TASK DIRECTIONS:
Your result should be every line of the records below that contains the word "Scope".

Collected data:
(* Let $G(\pi_i,\pi_i')=\frac12\|\pi_i-\pi_i'\|^2$ and $\mu>0$. Let $K\ge1$, $c>1$, and $$T_\sigma\ge\max\Big(\frac{3}{\ln c}\ln K+\frac{\ln 64}{\ln c},\,1\Big).$$ Let $\sigma^0,\sigma^1,\dots,\sigma^K\in\mathcal X$ satisfy $$\|\pi^{\mu,\sigma^k}-\sigma^{k+1}\|\le\|\pi^{\mu,\sigma^k}-\sigma^k\|\,c^{-T_\sigma}\quad\text{for } k=0,\dots,K-1.$$ Assume $\sqrt{\sum_{i=1}^N\|\nabla_{\pi_i}v_i(\pi)\|^2}\le\zeta$ for all $\pi\in\mathcal X$. Then for any Nash equilibrium $\pi^*\in\Pi^*$, $$\mathrm{exploit}(\sigma^K)\le\frac{2\sqrt2\big((\mu+L)\,\mathrm{diam}(\mathcal X)+\zeta\big)}{\sqrt K}\sqrt{\|\pi^*-\sigma^0\|\Big(8\|\pi^*-\sigma^0\|+\frac\zeta\mu\Big)}.$$
   Context: Game. Let $N\ge1$. For each $i\in[N]$, $\mathcal X_i\subseteq\mathbb R^{d_i}$ is a nonempty compact convex set, and $\mathcal X=\prod_i\mathcal X_i$. Each $v_i:\mathcal X\to\mathbb R$ is differentiable, with block gradient $\nabla_{\pi_i}v_i$. The norm is Euclidean, with $\|\pi\|^2=\sum_i\|\pi_i\|^2$. The game is monotone: $\sum_i\langle\nabla_{\pi_i}v_i(\pi)-\nabla_{\pi_i}v_i(\pi'),\pi_i-\pi_i'\rangle\le0$ for all $\pi,\pi'$. The game is $L$-smooth: $\sum_i\|\nabla_{\pi_i}v_i(\pi)-\nabla_{\pi_i}v_i(\pi')\|^2\le L^2\|\pi-\pi'\|^2$. A Nash equilibrium is a $\pi^*\in\mathcal X$ with $v_i(\pi^* )\ge v_i(\pi_i,\pi^*_{-i})$ for all $i$ and $\pi_i\in\mathcal X_i$. $\Pi^*$ is the set of Nash equilibria. Exploitability and diameter: $\mathrm{exploit}(\pi)=\sum_i(\max_{\tilde\pi_i\in\mathcal X_i}v_i(\tilde\pi_i,\pi_{-i})-v_i(\pi))$ and $\mathrm{diam}(\mathcal X)=\sup_{\pi,\pi'\in\mathcal X}\|\pi-\pi'\|$. Perturbed equilibrium. For $\mu>0$ and $\sigma\in\mathcal X$, $\pi^{\mu,\sigma}$ is the (unique) profile with $\pi_i^{\mu,\sigma}\in\arg\max_{\pi_i\in\mathcal X_i}\{v_i(\pi_i,\pi^{\mu,\sigma}_{-i})-\mu G(\pi_i,\sigma_i)\}$ for all $i$. *)

From HB Require Import structures.
From mathcomp Require Import all_boot all_order all_algebra.
From mathcomp Require Import all_classical all_reals all_analysis.
From mathcomp Require Import matrix_topology matrix_normedtype convex.
Set Implicit Arguments. Unset Strict Implicit. Unset Printing Implicit Defensive.
Import Order.TTheory GRing.Theory Num.Theory.
Import numFieldNormedType.Exports.
Local Open Scope classical_set_scope.
Local Open Scope ring_scope.

Section Game.
Variables (R : realType) (N : nat) (d : 'I_N -> nat).

Definition strat (i : 'I_N) := 'rV[R]_(d i).
Definition profile := forall i : 'I_N, strat i.

Definition sdot (i : 'I_N) (x y : strat i) : R := \sum_(j < d i) x 0 j * y 0 j.
Definition snorm (i : 'I_N) (x : strat i) : R := Num.sqrt (sdot x x).

Definition pdot (p q : profile) : R := \sum_(i < N) sdot (p i) (q i).
Definition pnorm (p : profile) : R := Num.sqrt (pdot p p).
Definition psub (p q : profile) : profile := fun i => p i - q i.

Definition upd (p : profile) (i : 'I_N) (x : strat i) : profile :=
  @dfwith _ strat p i x.

Definition Gdist (i : 'I_N) (x y : strat i) : R := 2^-1 * (snorm (x - y)) ^+ 2.

Variable Xs : forall i : 'I_N, set (strat i).
Arguments Xs : clear implicits.

Definition inX (p : profile) : Prop := forall i, Xs i (p i).

Definition strategy_sets_ok : Prop :=
  forall i, Xs i !=set0 /\ compact (Xs i : set 'rV[R]_(d i)) /\
            convex_set (Xs i : set (convex_lmodType 'rV[R]_(d i))).

Variable v : 'I_N -> profile -> R.

(* The block gradient nabla_{pi_i} v_i(p) is  gradv i p i. *)
Definition is_gradient (gradv : 'I_N -> profile -> profile) : Prop :=
  forall i p, inX p -> forall eps : R, 0 < eps -> exists2 delta : R, 0 < delta &
    forall q, inX q -> pnorm (psub q p) < delta ->
      `| v i q - v i p - pdot (gradv i p) (psub q p) | <= eps * pnorm (psub q p).

Definition monotone_game (gradv : 'I_N -> profile -> profile) : Prop :=
  forall p q, inX p -> inX q ->
    \sum_(i < N) sdot (gradv i p i - gradv i q i) (p i - q i) <= 0.

Definition smooth_game (L : R) (gradv : 'I_N -> profile -> profile) : Prop :=
  forall p q, inX p -> inX q ->
    \sum_(i < N) (snorm (gradv i p i - gradv i q i)) ^+ 2
      <= L ^+ 2 * (pnorm (psub p q)) ^+ 2.

Definition nash_eq (p : profile) : Prop :=
  inX p /\ forall i (x : strat i), Xs i x -> v i (upd p x) <= v i p.

(* exploit(pi) = sum_i (max_{x in X_i} v_i(x, pi_{-i}) - v_i(pi))
   (the max exists by compactness and continuity; we write it as sup) *)
Definition exploit (p : profile) : R :=
  \sum_(i < N) (sup [set v i (upd p x) | x in Xs i] - v i p).

Definition diamX : R :=
  sup [set pnorm (psub pq.1 pq.2) | pq in [set pq : profile * profile | inX pq.1 /\ inX pq.2]].

Definition perturbed_eq (mu : R) (sigma p : profile) : Prop :=
  inX p /\ forall i (x : strat i), Xs i x ->
    v i (upd p x) - mu * Gdist x (sigma i) <= v i p - mu * Gdist (p i) (sigma i).

End Game.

RESPONSE TO THE TASK:
Local Open Scope classical_set_scope.
Local Open Scope ring_scope.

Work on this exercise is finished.